Return, exactly and in full, the lines of the records below starting at the one with "Definition edist (x" and ending at the one with "(a : 'rV[R]_d)", and no other lines.

THE DATA
⁂
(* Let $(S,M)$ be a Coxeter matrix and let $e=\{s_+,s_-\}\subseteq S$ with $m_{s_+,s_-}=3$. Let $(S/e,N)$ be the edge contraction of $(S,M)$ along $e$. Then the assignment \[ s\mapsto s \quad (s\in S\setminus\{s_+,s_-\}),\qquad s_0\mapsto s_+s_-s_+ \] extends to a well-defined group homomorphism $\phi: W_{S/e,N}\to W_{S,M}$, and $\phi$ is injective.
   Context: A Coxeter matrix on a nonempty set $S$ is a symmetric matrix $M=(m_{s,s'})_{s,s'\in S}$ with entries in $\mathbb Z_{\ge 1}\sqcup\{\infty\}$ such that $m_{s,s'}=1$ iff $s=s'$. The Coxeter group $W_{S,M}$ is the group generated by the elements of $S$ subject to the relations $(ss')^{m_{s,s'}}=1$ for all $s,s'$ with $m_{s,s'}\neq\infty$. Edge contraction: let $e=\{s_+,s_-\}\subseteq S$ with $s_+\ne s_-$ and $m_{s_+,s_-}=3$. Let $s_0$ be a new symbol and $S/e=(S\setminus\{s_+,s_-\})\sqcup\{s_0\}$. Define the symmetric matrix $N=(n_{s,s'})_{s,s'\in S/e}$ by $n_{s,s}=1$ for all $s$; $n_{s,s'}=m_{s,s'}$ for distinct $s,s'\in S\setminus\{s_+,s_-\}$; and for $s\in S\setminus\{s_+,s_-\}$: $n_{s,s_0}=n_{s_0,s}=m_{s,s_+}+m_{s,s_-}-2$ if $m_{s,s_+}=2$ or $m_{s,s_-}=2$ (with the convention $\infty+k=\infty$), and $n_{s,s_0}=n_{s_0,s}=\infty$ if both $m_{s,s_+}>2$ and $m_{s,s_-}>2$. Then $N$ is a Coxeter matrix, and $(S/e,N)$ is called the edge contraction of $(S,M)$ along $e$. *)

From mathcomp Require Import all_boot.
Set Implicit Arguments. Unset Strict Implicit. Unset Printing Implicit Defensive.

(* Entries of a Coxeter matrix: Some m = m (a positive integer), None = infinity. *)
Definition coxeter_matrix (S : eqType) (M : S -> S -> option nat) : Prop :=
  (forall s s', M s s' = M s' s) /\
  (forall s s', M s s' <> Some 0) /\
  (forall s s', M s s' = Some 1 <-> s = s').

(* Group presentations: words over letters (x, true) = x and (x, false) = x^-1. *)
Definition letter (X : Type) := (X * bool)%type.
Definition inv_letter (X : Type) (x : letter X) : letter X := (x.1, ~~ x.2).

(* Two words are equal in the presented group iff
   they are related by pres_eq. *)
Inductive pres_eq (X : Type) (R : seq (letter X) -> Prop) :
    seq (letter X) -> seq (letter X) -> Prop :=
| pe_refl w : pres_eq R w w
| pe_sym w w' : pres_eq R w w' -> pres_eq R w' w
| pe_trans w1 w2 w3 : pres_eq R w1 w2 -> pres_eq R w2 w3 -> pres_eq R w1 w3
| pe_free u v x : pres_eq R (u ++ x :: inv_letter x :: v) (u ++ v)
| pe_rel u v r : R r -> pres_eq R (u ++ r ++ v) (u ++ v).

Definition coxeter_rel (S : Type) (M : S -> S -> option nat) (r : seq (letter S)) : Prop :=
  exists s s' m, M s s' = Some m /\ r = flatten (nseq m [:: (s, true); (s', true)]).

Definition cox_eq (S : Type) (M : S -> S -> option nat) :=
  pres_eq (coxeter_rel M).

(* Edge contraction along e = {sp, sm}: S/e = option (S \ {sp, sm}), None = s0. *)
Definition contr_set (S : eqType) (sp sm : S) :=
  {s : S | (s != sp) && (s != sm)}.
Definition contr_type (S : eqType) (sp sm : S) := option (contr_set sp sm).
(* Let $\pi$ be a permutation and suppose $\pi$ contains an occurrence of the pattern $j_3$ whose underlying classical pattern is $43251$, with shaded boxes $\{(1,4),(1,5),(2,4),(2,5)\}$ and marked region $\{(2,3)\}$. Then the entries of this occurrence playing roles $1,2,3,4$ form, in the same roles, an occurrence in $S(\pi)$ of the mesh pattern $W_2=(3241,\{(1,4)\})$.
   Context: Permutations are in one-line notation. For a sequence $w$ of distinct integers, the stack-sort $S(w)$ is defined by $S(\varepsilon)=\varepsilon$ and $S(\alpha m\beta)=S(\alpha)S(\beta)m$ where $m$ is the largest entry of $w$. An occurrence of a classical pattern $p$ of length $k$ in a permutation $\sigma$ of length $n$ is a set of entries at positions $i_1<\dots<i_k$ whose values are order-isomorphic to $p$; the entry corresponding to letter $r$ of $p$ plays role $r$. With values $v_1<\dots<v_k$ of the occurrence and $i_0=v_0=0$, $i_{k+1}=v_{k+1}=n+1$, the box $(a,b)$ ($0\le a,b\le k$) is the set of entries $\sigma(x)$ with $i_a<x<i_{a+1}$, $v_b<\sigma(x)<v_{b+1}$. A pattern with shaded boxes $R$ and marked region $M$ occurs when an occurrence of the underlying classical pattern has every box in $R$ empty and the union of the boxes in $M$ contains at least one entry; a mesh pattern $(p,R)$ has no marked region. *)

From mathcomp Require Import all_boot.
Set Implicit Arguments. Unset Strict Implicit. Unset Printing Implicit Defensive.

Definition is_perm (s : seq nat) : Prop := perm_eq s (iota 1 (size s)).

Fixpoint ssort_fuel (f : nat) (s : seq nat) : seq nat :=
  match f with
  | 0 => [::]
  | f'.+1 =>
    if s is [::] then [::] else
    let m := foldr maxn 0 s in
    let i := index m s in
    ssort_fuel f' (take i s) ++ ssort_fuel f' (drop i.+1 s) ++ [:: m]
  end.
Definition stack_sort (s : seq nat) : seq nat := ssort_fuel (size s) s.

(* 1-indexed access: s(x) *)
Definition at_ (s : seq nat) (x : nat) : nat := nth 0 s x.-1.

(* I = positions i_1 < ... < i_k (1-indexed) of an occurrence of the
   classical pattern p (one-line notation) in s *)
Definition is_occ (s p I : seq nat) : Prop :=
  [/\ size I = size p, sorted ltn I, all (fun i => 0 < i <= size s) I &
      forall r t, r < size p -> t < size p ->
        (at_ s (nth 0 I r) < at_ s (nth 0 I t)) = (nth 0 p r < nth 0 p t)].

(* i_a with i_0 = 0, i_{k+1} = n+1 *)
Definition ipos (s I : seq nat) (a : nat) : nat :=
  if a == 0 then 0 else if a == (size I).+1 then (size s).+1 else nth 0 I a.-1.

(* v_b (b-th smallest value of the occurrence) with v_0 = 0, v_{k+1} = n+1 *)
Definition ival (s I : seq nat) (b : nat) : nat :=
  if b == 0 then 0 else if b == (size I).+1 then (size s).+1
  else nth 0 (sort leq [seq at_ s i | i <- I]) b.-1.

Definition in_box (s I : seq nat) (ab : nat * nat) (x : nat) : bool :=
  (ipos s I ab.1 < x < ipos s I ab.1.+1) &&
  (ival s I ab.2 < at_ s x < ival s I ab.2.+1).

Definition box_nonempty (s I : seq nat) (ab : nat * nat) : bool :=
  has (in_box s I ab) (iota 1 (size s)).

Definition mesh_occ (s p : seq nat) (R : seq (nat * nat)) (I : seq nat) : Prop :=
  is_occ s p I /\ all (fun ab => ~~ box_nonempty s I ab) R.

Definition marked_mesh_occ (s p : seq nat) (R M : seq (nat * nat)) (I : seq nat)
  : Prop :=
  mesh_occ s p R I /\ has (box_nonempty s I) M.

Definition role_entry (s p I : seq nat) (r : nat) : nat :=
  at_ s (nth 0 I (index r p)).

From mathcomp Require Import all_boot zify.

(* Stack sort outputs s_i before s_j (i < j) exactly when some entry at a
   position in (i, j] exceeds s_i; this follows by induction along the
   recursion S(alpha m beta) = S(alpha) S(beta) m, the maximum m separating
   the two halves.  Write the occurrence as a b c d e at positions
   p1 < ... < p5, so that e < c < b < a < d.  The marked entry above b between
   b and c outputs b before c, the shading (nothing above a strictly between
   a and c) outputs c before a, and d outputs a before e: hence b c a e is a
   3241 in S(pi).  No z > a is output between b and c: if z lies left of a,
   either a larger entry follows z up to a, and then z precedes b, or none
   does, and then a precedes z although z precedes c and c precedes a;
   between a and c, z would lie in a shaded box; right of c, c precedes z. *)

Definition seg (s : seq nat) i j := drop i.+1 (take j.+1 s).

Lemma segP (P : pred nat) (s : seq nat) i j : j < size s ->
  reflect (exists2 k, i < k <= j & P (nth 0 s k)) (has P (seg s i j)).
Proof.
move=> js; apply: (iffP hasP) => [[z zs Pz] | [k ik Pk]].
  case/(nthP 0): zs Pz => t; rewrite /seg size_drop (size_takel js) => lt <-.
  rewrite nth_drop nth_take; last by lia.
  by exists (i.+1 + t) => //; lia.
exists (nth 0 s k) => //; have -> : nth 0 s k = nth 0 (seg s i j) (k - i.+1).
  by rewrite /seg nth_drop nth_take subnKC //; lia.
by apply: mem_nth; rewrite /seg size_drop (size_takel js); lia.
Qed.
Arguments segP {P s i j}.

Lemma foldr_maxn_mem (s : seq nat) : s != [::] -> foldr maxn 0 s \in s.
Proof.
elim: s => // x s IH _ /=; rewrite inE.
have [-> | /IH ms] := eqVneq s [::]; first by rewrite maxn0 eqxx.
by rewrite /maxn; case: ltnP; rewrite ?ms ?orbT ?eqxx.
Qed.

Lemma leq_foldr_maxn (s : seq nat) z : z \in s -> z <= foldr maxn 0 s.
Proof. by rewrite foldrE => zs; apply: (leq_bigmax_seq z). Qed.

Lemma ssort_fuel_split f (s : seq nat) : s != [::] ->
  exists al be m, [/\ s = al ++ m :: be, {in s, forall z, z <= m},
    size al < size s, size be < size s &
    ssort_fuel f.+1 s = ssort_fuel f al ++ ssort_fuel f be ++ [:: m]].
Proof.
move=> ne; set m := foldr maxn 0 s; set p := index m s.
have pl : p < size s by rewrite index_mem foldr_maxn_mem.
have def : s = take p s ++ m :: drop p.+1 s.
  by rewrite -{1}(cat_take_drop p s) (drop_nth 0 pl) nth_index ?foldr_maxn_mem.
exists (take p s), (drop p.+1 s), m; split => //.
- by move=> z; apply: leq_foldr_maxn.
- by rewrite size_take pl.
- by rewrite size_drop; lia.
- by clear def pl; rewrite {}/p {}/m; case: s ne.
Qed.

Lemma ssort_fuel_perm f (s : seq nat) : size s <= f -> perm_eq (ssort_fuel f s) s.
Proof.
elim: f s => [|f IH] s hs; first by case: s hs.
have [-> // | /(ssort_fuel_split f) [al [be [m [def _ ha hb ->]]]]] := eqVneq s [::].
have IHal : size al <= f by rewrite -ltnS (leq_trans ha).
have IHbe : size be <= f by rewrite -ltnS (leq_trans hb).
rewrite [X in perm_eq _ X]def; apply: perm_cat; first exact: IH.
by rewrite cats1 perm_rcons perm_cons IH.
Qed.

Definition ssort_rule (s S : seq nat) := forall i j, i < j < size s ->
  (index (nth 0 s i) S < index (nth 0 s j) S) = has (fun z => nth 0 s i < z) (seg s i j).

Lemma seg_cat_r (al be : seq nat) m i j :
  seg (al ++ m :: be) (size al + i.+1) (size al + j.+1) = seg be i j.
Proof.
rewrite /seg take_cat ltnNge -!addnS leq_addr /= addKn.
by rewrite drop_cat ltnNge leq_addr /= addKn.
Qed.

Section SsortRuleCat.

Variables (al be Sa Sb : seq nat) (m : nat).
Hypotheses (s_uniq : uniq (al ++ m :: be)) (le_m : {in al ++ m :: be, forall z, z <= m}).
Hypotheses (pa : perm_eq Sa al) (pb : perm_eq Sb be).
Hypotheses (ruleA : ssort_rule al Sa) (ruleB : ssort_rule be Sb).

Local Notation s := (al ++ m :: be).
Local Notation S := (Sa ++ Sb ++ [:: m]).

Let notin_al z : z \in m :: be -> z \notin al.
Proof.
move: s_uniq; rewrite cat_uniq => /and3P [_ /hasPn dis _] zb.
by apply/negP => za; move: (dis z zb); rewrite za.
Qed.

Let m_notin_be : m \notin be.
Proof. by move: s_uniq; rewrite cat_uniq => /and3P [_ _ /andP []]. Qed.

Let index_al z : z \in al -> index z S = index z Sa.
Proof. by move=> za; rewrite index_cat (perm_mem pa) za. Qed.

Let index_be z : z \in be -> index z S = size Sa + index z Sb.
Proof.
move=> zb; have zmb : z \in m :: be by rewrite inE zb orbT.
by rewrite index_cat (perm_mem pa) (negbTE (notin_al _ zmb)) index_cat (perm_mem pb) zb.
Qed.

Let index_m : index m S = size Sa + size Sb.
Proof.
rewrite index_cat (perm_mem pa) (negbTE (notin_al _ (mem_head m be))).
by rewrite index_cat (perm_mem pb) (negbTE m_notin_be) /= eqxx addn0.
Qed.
⁂
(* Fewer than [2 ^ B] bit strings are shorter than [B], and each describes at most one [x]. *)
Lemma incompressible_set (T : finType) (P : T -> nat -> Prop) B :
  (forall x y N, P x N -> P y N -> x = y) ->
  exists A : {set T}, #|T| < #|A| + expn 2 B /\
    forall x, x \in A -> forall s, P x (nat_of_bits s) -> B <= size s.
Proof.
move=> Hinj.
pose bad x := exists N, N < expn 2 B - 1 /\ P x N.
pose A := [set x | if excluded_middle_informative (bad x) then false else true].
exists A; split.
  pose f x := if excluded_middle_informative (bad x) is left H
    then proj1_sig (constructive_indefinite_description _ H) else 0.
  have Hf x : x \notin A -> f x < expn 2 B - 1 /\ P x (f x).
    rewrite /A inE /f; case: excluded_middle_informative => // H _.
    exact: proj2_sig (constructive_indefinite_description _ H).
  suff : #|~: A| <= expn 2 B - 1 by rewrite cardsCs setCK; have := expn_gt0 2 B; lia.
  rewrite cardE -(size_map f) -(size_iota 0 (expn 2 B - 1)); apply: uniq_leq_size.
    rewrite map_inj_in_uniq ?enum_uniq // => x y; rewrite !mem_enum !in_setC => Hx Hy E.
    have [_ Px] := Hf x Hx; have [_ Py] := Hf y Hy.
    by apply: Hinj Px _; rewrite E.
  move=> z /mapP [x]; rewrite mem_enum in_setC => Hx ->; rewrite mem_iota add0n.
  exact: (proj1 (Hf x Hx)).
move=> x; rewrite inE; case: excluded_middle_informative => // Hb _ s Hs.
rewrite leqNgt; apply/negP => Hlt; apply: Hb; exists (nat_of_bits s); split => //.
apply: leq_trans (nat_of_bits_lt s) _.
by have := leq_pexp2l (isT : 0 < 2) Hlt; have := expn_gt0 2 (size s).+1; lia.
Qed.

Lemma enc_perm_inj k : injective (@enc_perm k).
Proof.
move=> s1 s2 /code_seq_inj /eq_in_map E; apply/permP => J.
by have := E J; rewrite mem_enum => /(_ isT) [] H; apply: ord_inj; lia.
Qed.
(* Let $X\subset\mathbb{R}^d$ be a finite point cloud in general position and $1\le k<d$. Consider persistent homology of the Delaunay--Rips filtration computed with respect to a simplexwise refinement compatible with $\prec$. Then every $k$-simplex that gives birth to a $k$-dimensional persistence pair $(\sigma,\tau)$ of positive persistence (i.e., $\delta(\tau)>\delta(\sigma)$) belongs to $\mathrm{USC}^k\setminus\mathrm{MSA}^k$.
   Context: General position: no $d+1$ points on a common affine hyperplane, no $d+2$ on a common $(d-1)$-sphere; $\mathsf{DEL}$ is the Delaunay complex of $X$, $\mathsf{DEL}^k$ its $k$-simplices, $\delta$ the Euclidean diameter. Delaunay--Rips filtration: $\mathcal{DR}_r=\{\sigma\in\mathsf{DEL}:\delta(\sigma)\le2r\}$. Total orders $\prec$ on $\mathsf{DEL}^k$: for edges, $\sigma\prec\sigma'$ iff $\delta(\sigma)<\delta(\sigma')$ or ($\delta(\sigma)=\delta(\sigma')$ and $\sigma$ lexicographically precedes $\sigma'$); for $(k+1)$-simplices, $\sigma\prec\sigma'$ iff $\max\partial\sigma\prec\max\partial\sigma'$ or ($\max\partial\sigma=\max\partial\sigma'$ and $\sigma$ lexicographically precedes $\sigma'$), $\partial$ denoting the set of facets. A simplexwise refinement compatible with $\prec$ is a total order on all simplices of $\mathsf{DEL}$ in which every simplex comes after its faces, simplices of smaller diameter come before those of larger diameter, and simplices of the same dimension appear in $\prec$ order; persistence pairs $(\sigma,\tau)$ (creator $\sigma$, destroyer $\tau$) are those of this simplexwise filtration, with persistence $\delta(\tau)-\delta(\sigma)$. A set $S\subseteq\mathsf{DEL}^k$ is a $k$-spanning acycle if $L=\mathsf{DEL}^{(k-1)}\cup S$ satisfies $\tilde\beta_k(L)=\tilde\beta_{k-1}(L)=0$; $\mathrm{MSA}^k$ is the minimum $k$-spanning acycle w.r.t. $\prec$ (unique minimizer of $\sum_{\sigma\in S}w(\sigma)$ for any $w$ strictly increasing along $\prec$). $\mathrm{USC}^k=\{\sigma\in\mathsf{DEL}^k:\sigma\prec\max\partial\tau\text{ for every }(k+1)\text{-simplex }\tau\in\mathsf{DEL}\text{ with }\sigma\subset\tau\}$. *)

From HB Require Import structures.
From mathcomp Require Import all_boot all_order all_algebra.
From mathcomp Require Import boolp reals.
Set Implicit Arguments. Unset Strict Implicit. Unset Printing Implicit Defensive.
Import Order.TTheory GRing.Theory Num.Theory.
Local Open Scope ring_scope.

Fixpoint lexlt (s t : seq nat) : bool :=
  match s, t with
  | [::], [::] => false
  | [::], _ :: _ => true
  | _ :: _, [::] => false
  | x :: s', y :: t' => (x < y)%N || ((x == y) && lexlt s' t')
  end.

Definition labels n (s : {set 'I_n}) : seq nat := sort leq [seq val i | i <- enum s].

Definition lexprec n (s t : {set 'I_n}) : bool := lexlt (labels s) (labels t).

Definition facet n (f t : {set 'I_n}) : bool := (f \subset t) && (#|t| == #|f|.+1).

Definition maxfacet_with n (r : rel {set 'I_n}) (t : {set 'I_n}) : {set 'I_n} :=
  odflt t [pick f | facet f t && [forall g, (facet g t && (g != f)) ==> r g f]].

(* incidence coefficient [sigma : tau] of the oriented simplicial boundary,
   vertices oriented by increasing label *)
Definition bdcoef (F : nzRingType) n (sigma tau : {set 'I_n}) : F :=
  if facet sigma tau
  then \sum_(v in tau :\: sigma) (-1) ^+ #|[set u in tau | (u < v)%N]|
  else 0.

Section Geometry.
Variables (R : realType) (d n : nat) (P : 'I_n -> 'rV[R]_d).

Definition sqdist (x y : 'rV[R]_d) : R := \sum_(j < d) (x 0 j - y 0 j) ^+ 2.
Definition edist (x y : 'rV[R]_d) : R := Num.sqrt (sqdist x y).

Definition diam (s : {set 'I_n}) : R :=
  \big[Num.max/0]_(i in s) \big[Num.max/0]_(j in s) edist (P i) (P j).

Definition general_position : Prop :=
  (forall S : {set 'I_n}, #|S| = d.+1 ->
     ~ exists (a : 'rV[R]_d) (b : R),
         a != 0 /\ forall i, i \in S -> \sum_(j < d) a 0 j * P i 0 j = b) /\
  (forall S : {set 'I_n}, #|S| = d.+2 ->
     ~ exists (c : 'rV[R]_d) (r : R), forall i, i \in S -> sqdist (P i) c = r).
⁂
EXERCISE RESULT
Definition edist (x y : 'rV[R]_d) : R := Num.sqrt (sqdist x y).

Definition diam (s : {set 'I_n}) : R :=
  \big[Num.max/0]_(i in s) \big[Num.max/0]_(j in s) edist (P i) (P j).

Definition general_position : Prop :=
  (forall S : {set 'I_n}, #|S| = d.+1 ->
     ~ exists (a : 'rV[R]_d) (b : R),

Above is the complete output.